As @vheidrich suggests above, if you’re denoising multiple sequencing runs with DADA2, you should not merge your data prior to denoising; it can mess with the error model. Deblur is not similarly affected, AFAIK.
If you are using core-metrics, core-metrics-phylogenetic, or any other workflow in which you rarefy your data, you are randomly subsampling without replacement prior to calculating diversity. Depending on a few factors (e.g. sampling depth), variations in outcome based on this random subsampling can be significant. The deeper you sample, the more representative your outcomes will be.
Thanks for your suggestion. I dont have multiple sequencing runs. Now I am thinking of doing denoising all my fastqs. Then separate my samples as two different data set but keep the control in both sets. Do you know how to separate the output of denoised samples?

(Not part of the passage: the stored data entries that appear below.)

Definition spacetime_dom {V} (p : V * R) : Prop := snd p <= 0.
Definition P_space {V} (G : wgraph V) (rho : V -> V -> R) (k : R) (g : V * R -> R) : Prop :=
  exists u, in_P G rho k u /\ forall p, spacetime_dom p -> g p = u (fst p) (snd p).

(* Ancient solutions of polynomial growth are polynomials in time.  Caccioppoli estimates for the
   heat equation, localized by cutoffs that are Lipschitz for the intrinsic metric and iterated,
   bound the L^2 mass of Lap^J U on B_r by r^(-4J) times the mass of U on B_(7^J r) over a longer
   time window; polynomial volume growth then forces Lap^J U = 0 for J large, and Taylor's formula
   gives U(x, t) = sum_(d < J) Lap^d U(x, 0) t^d / d!.  A polynomial bounded by C r^(2k) on
   [-r^2, 0] has its degree-d coefficient bounded by C' r^(2k - 2d), so by descending induction
   the coefficients of degree d > k vanish and the others are harmonic of growth 2k.  If
   dim H_2k = M, some M points separate H_2k; then the (K+1) M linear conditions
   Lap^d U(y, 0) = 0, with K = floor k and y among these points, force U = 0, whence
   dim P_2k <= (K+1) M <= (k+1) M. *)

From Stdlib Require Import Reals Lra Lia Psatz List Permutation Classical ClassicalEpsilon.
From Stdlib Require Import Factorial Binomial ZArith.
From Coquelicot Require Import Coquelicot.
Open Scope R_scope.

Lemma lsum_ext {A} (F G : A -> R) l : (forall x, In x l -> F x = G x) -> lsum F l = lsum G l.
Proof. induction l; simpl; intros H; [lra|]. rewrite H, IHl by auto. lra. Qed.

Lemma lsum_plus {A} (F G : A -> R) l : lsum (fun x => F x + G x) l = lsum F l + lsum G l.
Proof. induction l; simpl; [lra|]. rewrite IHl; lra. Qed.

Lemma lsum_scal {A} (c : R) (F : A -> R) l : lsum (fun x => c * F x) l = c * lsum F l.
Proof. induction l; simpl; [lra|]. rewrite IHl; lra. Qed.

Lemma lsum_zero {A} (l : list A) : lsum (fun _ => 0) l = 0.
Proof. induction l; simpl; lra. Qed.

Lemma lsum_le {A} (F G : A -> R) l : (forall x, In x l -> F x <= G x) -> lsum F l <= lsum G l.
Proof.
  induction l; simpl; intros H; [lra|].
  pose proof (H a (or_introl eq_refl)).
  assert (lsum F l <= lsum G l) by (apply IHl; auto). lra.
Qed.

Lemma lsum_nonneg {A} (F : A -> R) l : (forall x, In x l -> 0 <= F x) -> 0 <= lsum F l.
Proof. intros H. rewrite <- (lsum_zero l). apply lsum_le; auto. Qed.

Lemma lsum_perm {A} (F : A -> R) l1 l2 : Permutation l1 l2 -> lsum F l1 = lsum F l2.
Proof. induction 1; simpl; lra. Qed.

Lemma lsum_swap {A B} (F : A -> B -> R) l1 l2 :
  lsum (fun x => lsum (fun y => F x y) l2) l1 = lsum (fun y => lsum (fun x => F x y) l1) l2.
Proof.
  induction l1; simpl. { rewrite lsum_zero; reflexivity. }
  rewrite IHl1, <- lsum_plus. reflexivity.
Qed.

Lemma in_split_perm {A} (a : A) l : In a l -> exists l', Permutation l (a :: l').
Proof.
  intros Ha. destruct (in_split a l Ha) as [p [q ->]].
  exists (p ++ q). symmetry. apply Permutation_middle.
Qed.

Lemma lsum_support {A} (F : A -> R) l1 l2 : NoDup l1 -> NoDup l2 ->
  (forall x, F x <> 0 -> (In x l1 <-> In x l2)) -> lsum F l1 = lsum F l2.
Proof.
  revert l2. induction l1 as [|a l1 IH]; intros l2 N1 N2 H.
  - simpl. rewrite <- (lsum_zero l2). apply lsum_ext. intros x Hx.
    destruct (Req_dec (F x) 0) as [E|E]; [now symmetry|]. apply H in E. simpl in E. tauto.
  - inversion N1; subst. simpl.
    destruct (classic (In a l2)) as [Ha|Ha].
    + destruct (in_split_perm a l2 Ha) as [l' P].
      pose proof (Permutation_NoDup P N2) as N'. inversion N'; subst.
      rewrite (lsum_perm F _ _ P). simpl. rewrite (IH l'); auto.
      intros x Hx. specialize (H x Hx). split.
      * intros Hl. assert (In x (a :: l')) as [<-|] by (apply (Permutation_in _ P), H; simpl; auto);
          [contradiction|auto].
      * intros Hl.
        assert (In x (a :: l1)) as [<-|]
          by (apply H, (Permutation_in _ (Permutation_sym P)); simpl; auto);
          [contradiction|auto].
    + assert (F a = 0) as ->.
      { destruct (Req_dec (F a) 0); auto. exfalso. apply Ha, H; simpl; auto. }
      rewrite (IH l2); auto; [lra|].
      intros x Hx. specialize (H x Hx). simpl in H. split; [tauto|].
      intros Hl. destruct (proj2 H Hl) as [<-|]; [contradiction|auto].
Qed.

Lemma lsum_incl_le {A} (F : A -> R) l1 l2 : NoDup l1 -> incl l1 l2 ->
  (forall x, In x l2 -> 0 <= F x) -> lsum F l1 <= lsum F l2.
Proof.
  revert l2. induction l1 as [|a l1 IH]; intros l2 N1 I H.
  - simpl. apply lsum_nonneg; auto.
  - inversion N1; subst. simpl.
    destruct (in_split_perm a l2 (I a (or_introl eq_refl))) as [l' P].
    rewrite (lsum_perm F _ _ P). simpl.
    assert (lsum F l1 <= lsum F l'); [|lra].
    apply IH; auto.
    + intros x Hx. assert (In x (a :: l')) as [<-|] by (apply (Permutation_in _ P), I; simpl; auto);
        [contradiction|auto].
    + intros x Hx. apply H, (Permutation_in _ (Permutation_sym P)). simpl; auto.
Qed.

Lemma nsum_ext n F G : (forall i, (i < n)%nat -> F i = G i) -> nsum n F = nsum n G.
Proof.
  induction n; simpl; intros H; [lra|].
  rewrite IHn by (intros; apply H; lia). rewrite H by lia. lra.
Qed.

Lemma nsum_plus n F G : nsum n (fun i => F i + G i) = nsum n F + nsum n G.
Proof. induction n; simpl; [lra|]. rewrite IHn; lra. Qed.

Lemma nsum_minus n F G : nsum n (fun i => F i - G i) = nsum n F - nsum n G.
Proof. induction n; simpl; [lra|]. rewrite IHn; lra. Qed.

Lemma nsum_scal n c F : nsum n (fun i => c * F i) = c * nsum n F.
Proof. induction n; simpl; [lra|]. rewrite IHn; lra. Qed.

Lemma nsum_zero n : nsum n (fun _ => 0) = 0.
Proof. induction n; simpl; lra. Qed.

Lemma nsum_le n F G : (forall i, (i < n)%nat -> F i <= G i) -> nsum n F <= nsum n G.
Proof.
  induction n; simpl; intros H; [lra|].
  assert (nsum n F <= nsum n G) by (apply IHn; intros; apply H; lia).
  assert (F n <= G n) by (apply H; lia). lra.
Qed.

Lemma nsum_abs n F : Rabs (nsum n F) <= nsum n (fun i => Rabs (F i)).
Proof.
  induction n; simpl. { rewrite Rabs_R0; lra. }
  eapply Rle_trans; [apply Rabs_triang|]. lra.
Qed.

Lemma nsum_shift n F : nsum (S n) F = F 0%nat + nsum n (fun i => F (S i)).
Proof. induction n; simpl in *; [lra|]. rewrite IHn. lra. Qed.

Lemma nsum_lsum {A} n (F : nat -> A -> R) l :
  nsum n (fun i => lsum (F i) l) = lsum (fun x => nsum n (fun i => F i x)) l.
Proof.
  induction n; simpl. { rewrite lsum_zero; reflexivity. }
  rewrite IHn, <- lsum_plus. reflexivity.
Qed.

Lemma nsum_swap n m (F : nat -> nat -> R) :
  nsum n (fun i => nsum m (fun j => F i j)) = nsum m (fun j => nsum n (fun i => F i j)).
Proof.
  induction n; simpl. { rewrite nsum_zero; reflexivity. }
  rewrite IHn, <- nsum_plus. reflexivity.
Qed.

Lemma nsum_single n k c : (k < n)%nat ->
  nsum n (fun i => if Nat.eq_dec i k then c else 0) = c.
Proof.
  induction n; intros H; simpl; [lia|].
  destruct (Nat.eq_dec n k).
  - subst. rewrite (nsum_ext _ _ (fun _ => 0)), nsum_zero; [lra|].
    intros i Hi. destruct (Nat.eq_dec i k); [lia|auto].
  - rewrite IHn by lia. lra.
Qed.

Lemma nsum_truncate (F : nat -> R) J D : (D < J)%nat ->
  (forall d, (D < d)%nat -> (d < J)%nat -> F d = 0) -> nsum J F = nsum (S D) F.
Proof.
  induction J; intros H Hz; [lia|].
  destruct (Nat.eq_dec J D) as [->|Hne]; [reflexivity|].
  simpl nsum at 1. rewrite IHJ by (try lia; intros; apply Hz; lia). rewrite (Hz J) by lia. ring.
Qed.

Lemma ew_nonneg {V} (G : wgraph V) x y : 0 <= ew G x y.
Proof.
  destruct (classic (adj G x y)); [apply Rlt_le, ew_pos; auto|].
  rewrite ew_zero; auto; lra.
Qed.

Lemma ew_neq0_adj {V} (G : wgraph V) x y : ew G x y <> 0 -> adj G x y.
Proof. intros H. apply NNPP. intros A. apply H, ew_zero, A. Qed.

Lemma laplacian_mul_vm {V} (G : wgraph V) f x :
  vm G x * laplacian G f x = lsum (fun y => ew G x y * (f y - f x)) (nbrs G x).
Proof.
  unfold laplacian. rewrite <- lsum_scal. apply lsum_ext. intros y _.
  pose proof (vm_pos _ G x). field. lra.
Qed.

Lemma laplacian_ext {V} (G : wgraph V) f g x : (forall y, f y = g y) -> laplacian G f x = laplacian G g x.
Proof. intros H. unfold laplacian. apply lsum_ext. intros. rewrite !H. reflexivity. Qed.

Lemma laplacian_lin {V} (G : wgraph V) a b f g x :
  laplacian G (fun y => a * f y + b * g y) x = a * laplacian G f x + b * laplacian G g x.
Proof. unfold laplacian. rewrite <- !lsum_scal, <- lsum_plus. apply lsum_ext. intros; ring. Qed.

Lemma laplacian_nsum {V} (G : wgraph V) n (c : nat -> R) (f : nat -> V -> R) x :
  laplacian G (fun y => nsum n (fun i => c i * f i y)) x = nsum n (fun i => c i * laplacian G (f i) x).
Proof.
  unfold laplacian.
  transitivity (lsum (fun y => nsum n (fun i => c i * (ew G x y / vm G x * (f i y - f i x)))) (nbrs G x)).
  - apply lsum_ext. intros y _. rewrite <- nsum_minus, <- nsum_scal. apply nsum_ext. intros; ring.
  - rewrite <- nsum_lsum. apply nsum_ext. intros. rewrite <- lsum_scal. reflexivity.
Qed.

Definition lapn {V} (G : wgraph V) (n : nat) (f : V -> R) : V -> R := Nat.iter n (laplacian G) f.

Lemma lapn_S_r {V} (G : wgraph V) n f : lapn G (S n) f = lapn G n (laplacian G f).
Proof. unfold lapn. rewrite Nat.iter_succ_r. reflexivity. Qed.

Lemma lapn_ext {V} (G : wgraph V) n f g : (forall y, f y = g y) -> forall x, lapn G n f x = lapn G n g x.
Proof. induction n; intros H x; simpl; [apply H|]. apply laplacian_ext. intros; apply IHn; auto. Qed.

Lemma lapn_nsum {V} (G : wgraph V) k n (c : nat -> R) (f : nat -> V -> R) x :
  lapn G k (fun y => nsum n (fun i => c i * f i y)) x = nsum n (fun i => c i * lapn G k (f i) x).
Proof.
  revert x. induction k; intros x; simpl; [reflexivity|].
  rewrite (laplacian_ext G _ (fun y => nsum n (fun i => c i * lapn G k (f i) y))) by (intros; apply IHk).
  apply laplacian_nsum.
Qed.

Thanks for the suggestion. I filtered the table.qza and did the diversity analyses. Still, I got a minor difference between the control from the two data sets.
Now I don’t know what would be the reason for getting different values? e.g. observed features for the same controls are different in two different datasets.
Hi! Sorry for delayed reply.
If you applied a rarefaction to certain sequencing depth before calculation of diversity metrics then minor differences in metrics may be observed since rarefaction is a random subsampling of reads from each sample.
Even repeating the analysis with the same dataset and rarefaction depth may produce a minor differences in diversity metrics.